Correction to: Journal of Scientific Computing https://doi.org/10.1007/s10915-022-01885-w

In this article, the Main results in ``Section 3'' contains error. It should read as given below.

For \(n=0, \ldots , N_T\), let \(\mathcal {M}_h^n\) be an approximate value of mass at \(t=t^n\) defined by

$$\begin{aligned} \mathcal {M}_h^n&:=\left\{ \begin{aligned}&\int _\Omega { \frac{1}{2} \bigl ( \phi _h^0+\phi _h^1 \bigr )}~dx, & n = { 0}, \\&\int _\Omega \Bigl ( \frac{3}{2}\phi _h^n-\frac{1}{2}\phi _h^{n-1} \Bigr ) dx, & n\ge { 1}. \end{aligned} \right. \end{aligned}$$
FormalPara Remark 1

The value \(\mathcal {M}_h^n\) is an approximation of \(\int _\Omega \phi ^n dx\) due to the relations \(\frac{3}{2}\phi ^n-\frac{1}{2}\phi ^{n-1} (= \phi ^{n+1/2} + O(\Delta t^2)) = \phi ^n + O(\Delta t)\) and \(\frac{1}{2}(\phi ^0+\phi ^1) (= \phi ^{1/2} + O(\Delta t^2)) = \phi ^0 + O(\Delta t)\) for any smooth function \(\phi \).

FormalPara Theorem 1

(conservation of mass) Suppose that Hypotheses 1 and 2 hold true.

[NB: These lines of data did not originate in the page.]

Lemma lin_indep_size_le (k : fieldType) (A : algType k) (s t : seq A) :
  lin_indep s -> (forall v, v \in s -> in_span t v) -> (size s <= size t)%N.
Proof.
move=> indep_s span_s; rewrite leqNgt; apply/negP => lt_ts.
have /all_sig[a s_a] : forall i : 'I_(size s),
    {a : nat -> k | s`_i = \sum_(j < size t) a j *: t`_j}.
  by move=> i; apply/constructive_indefinite_description/span_s/mem_nth.
pose M : 'M[k]_(size s, size t) := \matrix_(i, j) a i j.
have /rowV0Pn[v /sub_kermxP vM0 v_neq0] : kermx M != 0.
  rewrite -mxrank_eq0 mxrank_ker subn_eq0 -ltnNge.
  exact: leq_ltn_trans (rank_leq_col M) lt_ts.
pose c (i : nat) := if insub i is Some i' then v 0 i' else 0.
have cE (i : 'I_(size s)) : c i = v 0 i by rewrite /c valK.
have dep_s : \sum_(i < size s) c i *: s`_i = 0.
  transitivity (\sum_(j < size t) (v *m M) 0 j *: t`_j); last first.
    by rewrite vM0 big1 // => j _; rewrite mxE scale0r.
  under eq_bigr => i _ do rewrite cE s_a scaler_sumr.
  rewrite exchange_big /=; apply: eq_bigr => j _.
  rewrite !mxE scaler_suml; apply: eq_bigr => i _.
  by rewrite mxE scalerA.
move/eqP: v_neq0; apply; apply/rowP => i; rewrite mxE -cE.
exact: indep_s dep_s _ (ltn_ord i).
Qed.

Section PolynomialGrowth.
Variables (k : fieldType) (A : algType k) (G : nat -> A -> Prop).
Variables (d : Order.disp_t) (P : finPOrderType d) (f : P -> A) (deg : P -> nat).
Hypothesis G0 : forall n, G n 0.
Hypothesis GD : forall n a b, G n a -> G n b -> G n (a + b).
Hypothesis GZ : forall n (c : k) a, G n a -> G n (c *: a).
Hypothesis G1 : G 0%N 1.
Hypothesis GM : forall m n a b, G m a -> G n b -> G (m + n)%N (a * b).
Hypothesis G_direct : forall (N : nat) (a : nat -> A), (forall i, G i (a i)) ->
  \sum_(i < N) a i = 0 -> forall i, (i < N)%N -> a i = 0.
Hypothesis deg_f : forall p, (0 < deg p)%N /\ G (deg p) (f p).
Hypothesis std_spanT : forall a : A, std_span f (fun _ => True) a.

Definition wdeg (w : seq P) : nat := (\sum_(p <- w) deg p)%N.

Lemma G_monom w : G (wdeg w) (monom f w).
Proof.
elim: w => [|p w IHw]; first by rewrite /wdeg big_nil monom_nil.
by rewrite /wdeg big_cons monom_cons; apply: GM => //; case: (deg_f p).
Qed.

Lemma size_le_wdeg w : (size w <= wdeg w)%N.
Proof.
elim: w => [|p w IHw]; rewrite /wdeg ?big_nil // big_cons -/(wdeg w) /=.
by have := (deg_f p).1; lia.
Qed.

Lemma G_sum n (I : eqType) (r : seq I) (F : I -> A) :
  (forall i, i \in r -> G n (F i)) -> G n (\sum_(i <- r) F i).
Proof. by move=> GF; rewrite big_seq; apply: big_ind => //; apply: GD. Qed.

Let \(\phi _h = \{\phi _h^n\}_{n=1}^{{ N_T}}\) be a solution to scheme (9) for a given \(\phi _h^0\). Then, we have the following.

  1. (i)

     It holds that, for \(n={ 1},\ldots , N_T\),

    $$\begin{aligned} \mathcal {M}_h^n = \mathcal {M}_h^0 + \Delta t \sum _{i=1}^n \Bigl ( \int _\Omega f^i dx + \int _\Gamma g^i ds \Bigr ). \end{aligned}$$
    (10)
  2. (ii)

     Assume \(f=0\) and \(g=0\) additionally. Then, for the solution to scheme (9), it holds that, for \(n={ 1},\ldots , N_T\),

    $$\begin{aligned} \int _\Omega \phi _h^n dx = \int _\Omega \phi _h^0 dx. \end{aligned}$$
    (11)
FormalPara Remark 2

The identity (10) is equivalent to

$$\begin{aligned} \int _\Omega \Bigl (\frac{3}{2}\phi _h^n - \frac{1}{2}\phi _h^{n-1} \Bigr ) dx&= \int _\Omega { \frac{1}{2}(\phi _h^0 + \phi _h^1)} dx + \Delta t \sum _{i=1}^n \Bigl ( \int _\Omega f^i dx + \int _\Gamma g^i ds \Bigr ), \quad { n\ge 1.} \end{aligned}$$

(In Section 4, Proofs:)

1 Proof of Theorem 1

We first note that due to Proposition 1-(i)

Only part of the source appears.